Gašper Cerkovnik is an assistant researcher at University of Ljubljana, Faculty of Arts, Department of Art History.
Dr. phil. des. Pirkko Rathgeber
Linien und Kreise.
Die Konstruktion figürlicher Mechanik und die Darstellung lebendiger Bewegung in der Lehre Albrecht Dürers
Albrecht Dürers Methode der mechanischen Biegung ist oft wegen der "Steifheit" der Ergebnisse der figürlichen Bewegungsdarstellung kritisiert worden (u. a. Condivi). Diese Kritik ist vermutlich auch deshalb formuliert worden, "weil man diese Figuren als künstlerische Vorlagen mißverstand" (Hinz 2011). Aus diesem Grund auch nimmt der Vortrag die Kritik zum Ausgangspunkt und stellt im Hinblick auf die Bildvorlagen vereinzelte Textstellen aus Dürers theoretischem Werk vor, die sein Vorgehen der mechanischen Konstruktion als didaktische Strategie der Vereinfachung rechtfertigen und durch seine ergänzenden Anleitungen zur bildlichen Korrektur auch Hilfestellung zu einer überzeugenden Bewegungsdarstellung geben.
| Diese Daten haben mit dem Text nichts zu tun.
Lemma submodel_near_mem s (q : R -> Z -> R) : submodels lam M p s q ->
  \forall eps \near 0^'+, M (q eps).
Proof.
move=> [delta [delta0 [qM _]]]; near=> eps; apply: qM.
have eps0 : 0 < eps by near: eps; exact: nbhs_right_gt.
have eps_delta : eps < delta by near: eps; exact: nbhs_right_lt.
by rewrite (ltW eps0) eps_delta.
Unshelve. all: by end_near.
Qed.

Lemma submodel_near_hellinger s (q : R -> Z -> R) (dl : R) : inL2P lam p s ->
  submodels lam M p s q -> 0 < dl ->
  \forall eps \near 0^'+, hellinger lam p (q eps) <= dl.
Proof.
move=> sL2 qs dl0; have /inL2P_sqnormP_le[b b0 sb] := sL2.
have b2 : 0 < 2 + b by rewrite ltr_wpDr.
have [_ [_ [_ q_dqm]]] := qs.
near=> eps.
have eps0 : 0 < eps by near: eps; exact: nbhs_right_gt.
have eps_small : eps < dl / (2 + b).
  by near: eps; apply: nbhs_right_lt; rewrite divr_gt0.
have Mq : M (q eps) by near: eps; exact: submodel_near_mem qs.
have [mq _ _] := M_density _ Mq.
have res : (sqnormL lam (dqm_residual (q eps) s eps) <= ((1 * eps) ^+ 2)%:E)%E.
  by near: eps; exact: q_dqm 1 ltr01.
apply: le_trans (hellinger_dqm_le _ _ _ _ _ mq sL2.1 (ltW eps0) ler01 b0 res sb) _.
by rewrite mulr1 mulrC ltW // -ltr_pdivlMr.
Unshelve. all: by end_near.
Qed.

Context {H : normedModType R}.
Variables (nu : (Z -> R) -> H) (c dl : R).
Hypotheses (c_ge0 : 0 <= c) (dl_gt0 : 0 < dl).
Hypothesis nu_lip : forall p1 p2, M p1 -> M p2 ->
  hellinger lam p p1 <= dl -> hellinger lam p p2 <= dl ->
  `|nu p1 - nu p2| <= c * hellinger lam p1 p2.

Lemma nu_submodels_near_le {s s'} {q q' : R -> Z -> R} {r : R} :
  inL2P lam p s -> inL2P lam p s' ->
  submodels lam M p s q -> submodels lam M p s' q' -> 0 < r ->
  (sqnormP lam p (fun x => (s x - s' x)%R) <= (r ^+ 2)%:E)%E ->
  \forall eps \near 0^'+, `|nu (q eps) - nu (q' eps)| <= 4 * c * r * eps.
Proof.
move=> sL2 s'L2 qs q's r0 ss'.
have [_ [_ [_ q_dqm]]] := qs; have [_ [_ [_ q'_dqm]]] := q's.
near=> eps.
have eps0 : 0 < eps by near: eps; exact: nbhs_right_gt.
have Mq : M (q eps) by near: eps; exact: submodel_near_mem qs.
have Mq' : M (q' eps) by near: eps; exact: submodel_near_mem q's.
have [mq _ _] := M_density _ Mq; have [mq' _ _] := M_density _ Mq'.
have Hq : hellinger lam p (q eps) <= dl.
  by near: eps; exact: submodel_near_hellinger sL2 qs dl_gt0.
have Hq' : hellinger lam p (q' eps) <= dl.
  by near: eps; exact: submodel_near_hellinger s'L2 q's dl_gt0.
have res : (sqnormL lam (dqm_residual (q eps) s eps) <= ((r * eps) ^+ 2)%:E)%E.
  by near: eps; exact: q_dqm r r0.
have res' : (sqnormL lam (dqm_residual (q' eps) s' eps) <= ((r * eps) ^+ 2)%:E)%E.
  by near: eps; exact: q'_dqm r r0.
apply: le_trans (nu_lip _ _ Mq Mq' Hq Hq') _.
have -> : 4 * c * r * eps = c * ((3 * r + r) * eps) by ring.
rewrite ler_wpM2l //.
exact: hellinger_dqm_pair_le _ _ _ _ _ _ _ mq mq' sL2.1 s'L2.1 (ltW eps0)
  (ltW r0) (ltW r0) res res' ss'.
Unshelve. all: by end_near.
Qed.

Lemma submodel_expansion_transfer {s s'} {q q' : R -> Z -> R} {v v' : H} {r k : R} :
  inL2P lam p s -> inL2P lam p s' ->
  submodels lam M p s q -> submodels lam M p s' q' -> 0 < r ->
  (sqnormP lam p (fun x => (s x - s' x)%R) <= (r ^+ 2)%:E)%E ->
  `|v' - v| <= k * r ->
  (\forall eps \near 0^'+, `|nu (q' eps) - nu p - eps *: v'| <= r * eps) ->
  \forall eps \near 0^'+, `|nu (q eps) - nu p - eps *: v| <= (4 * c + 1 + k) * r * eps.
Proof.
move=> sL2 s'L2 qs q's r0 ss' vv' q'_exp.
have nu_close := nu_submodels_near_le sL2 s'L2 qs q's r0 ss'.
near=> eps.
have eps0 : 0 < eps by near: eps; exact: nbhs_right_gt.
have nu_qq' : `|nu (q eps) - nu (q' eps)| <= 4 * c * r * eps by near: eps.
have nu_q' : `|nu (q' eps) - nu p - eps *: v'| <= r * eps by near: eps.
have -> : nu (q eps) - nu p - eps *: v = (nu (q eps) - nu (q' eps))
    + (nu (q' eps) - nu p - eps *: v') + eps *: (v' - v).
  by rewrite scalerBr !addrA subrK subrK.
apply: le_trans (ler_normD _ _) _; rewrite normrZ (ger0_norm (ltW eps0)).
apply: le_trans (lerD (ler_normD _ _) (ler_wpM2l (ltW eps0) vv')) _.
apply: le_trans (lerD (lerD nu_qq' nu_q') (lexx _)) _.
by rewrite le_eqVlt; apply/orP; left; apply/eqP; ring.
Unshelve. all: by end_near.
Qed.

End Pathwise.

Theorem lemma2 (R : realType) (d : measure_display) (Z : measurableType d)
    (lam : {measure set Z -> \bar R}) (H : normedModType R)
    (M : set (Z -> R)) (p : Z -> R) (nu : (Z -> R) -> H) (eta : (Z -> R) -> H) :
  sigma_finite setT lam ->
  real_separable_hilbert H ->
  (forall q, M q -> is_density lam q) ->
  M p ->
  (* (i) *)
  (lin_on (tangent_space lam M p) eta /\ bounded_on lam p (tangent_space lam M p) eta /\
   exists S : set (Z -> R),
     [/\ S `<=` inL2P lam p,
         L2P_closure lam p S = tangent_space lam M p &
         forall s, S s -> exists2 q, submodels lam M p s q &
           forall e : R, 0 < e -> \forall eps \near 0^'+,
             `|nu (q eps) - nu p - eps *: eta s| <= e * eps]) ->
  (* (ii) *)
  (exists c delta : R, [/\ 0 < c, 0 < delta &
     forall p1 p2, M p1 -> M p2 -> hellinger lam p p1 <= delta ->
       hellinger lam p p2 <= delta -> `|nu p1 - nu p2| <= c * hellinger lam p1 p2]) ->
  pathwise_differentiable lam M nu p eta.
Proof.
move=> _ _ M_density Mp [etaL [etaB [S [S_L2 clS_T S_diff]]]] [c [dl [c0 dl0 nu_lip]]].
have [mp p_ge0 _] := M_density _ Mp.
have TB := tangent_spaceB lam p mp p_ge0 M.
split=> //; first exact: bounded_lin_cont_on.
move=> s ts q qs e e0; have [C etaC] := etaB.
pose K := 4 * c + 1 + `|C|; pose r := e / K.
have K0 : 0 < K by rewrite /K; have := normr_ge0 C; lra.
have r0 : 0 < r by rewrite divr_gt0.
have Ts := tangent_set_sub_space lam p M _ ts.
have [_ /(_ r r0) [s' Ss' ss']] : L2P_closure lam p S s by rewrite clS_T.
have Ts' : tangent_space lam M p s' by rewrite -clS_T; exact: L2P_closure_sub.
have [q' q's q'_diff] := S_diff s' Ss'.
have eta_close : `|eta s' - eta s| <= `|C| * r.
  rewrite distrC -(lin_onB etaL Ts Ts').
  exact: bounded_on_le etaC (TB _ _ Ts Ts') (ltW r0) (ltW ss').
have := submodel_expansion_transfer lam p mp p_ge0 M M_density nu c dl (ltW c0) dl0
  nu_lip ts.1 (S_L2 _ Ss') qs q's r0 (ltW ss') eta_close (q'_diff r r0).
by rewrite /r -/K [K * _]mulrC divfK ?gt_eqF.
Qed.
Dr. phil. des. Pirkko Rathgeber, Universität Basel
Prof. Dr. Karlheinz Lüdeking
Die Wirksamkeit der Druckschrift in Dürers Selbstporträt von 1500
Aufgrund seiner betonten Frontalität ist Dürers Selbstporträt von 1500 immer wieder mit dem Christusbild verglichen worden. Frontalität ist aber auch ein Merkmal geschriebener und gedruckter Schrift. Dieser banale Umstand wurde bei der Deutung des Bildes bislang kaum beachtet, obwohl der Schrift in diesem Gemälde offenkundig eine außergewöhnliche Präsenz eingeräumt wird. Der Vortrag unternimmt einen Versuch zu zeigen, was das zu bedeuten hat.
Prof. Dr. Karlheinz Lüdeking lehrt Kunstwissenschaft und Kunstgeschichte an der Universität der Künste Berlin.
Berthold Hinz (Prof. em. Dr.)
Albrecht Dürers anthropometrische Illustrationen in seinen "Vier Büchern von menschlicher Proportion" (1528)
Während Dürers künstlerische Graphik weltweit höchstes Ansehen genießt, wurde seine angewandte Graphik nicht nur von Künstlern verspottet (z.B. von Michelangelo und Hogarth), sondern auch in der Kunstwissenschaft kaum zur Kenntnis genommen. Dabei hat Dürer jahrzehntelang daran gearbeitet, seine wissenschaftlichen Bücher in angemessener Weise zu illustrieren. Hier soll ein Blick auf die Modalität seiner anthropometrischen graphischen Studien und deren Vorläufer bei der naturwissenschaftlichen Buchillustration geworfen werden. Seine Lösungen bestimmen das anthropometrische graphische Repertoire bis heute.
Berthold Hinz (Prof. em. Dr.) hatte zuletzt den Lehrstuhl für Allgemeine Kunstgeschichte an der Universität Kassel inne.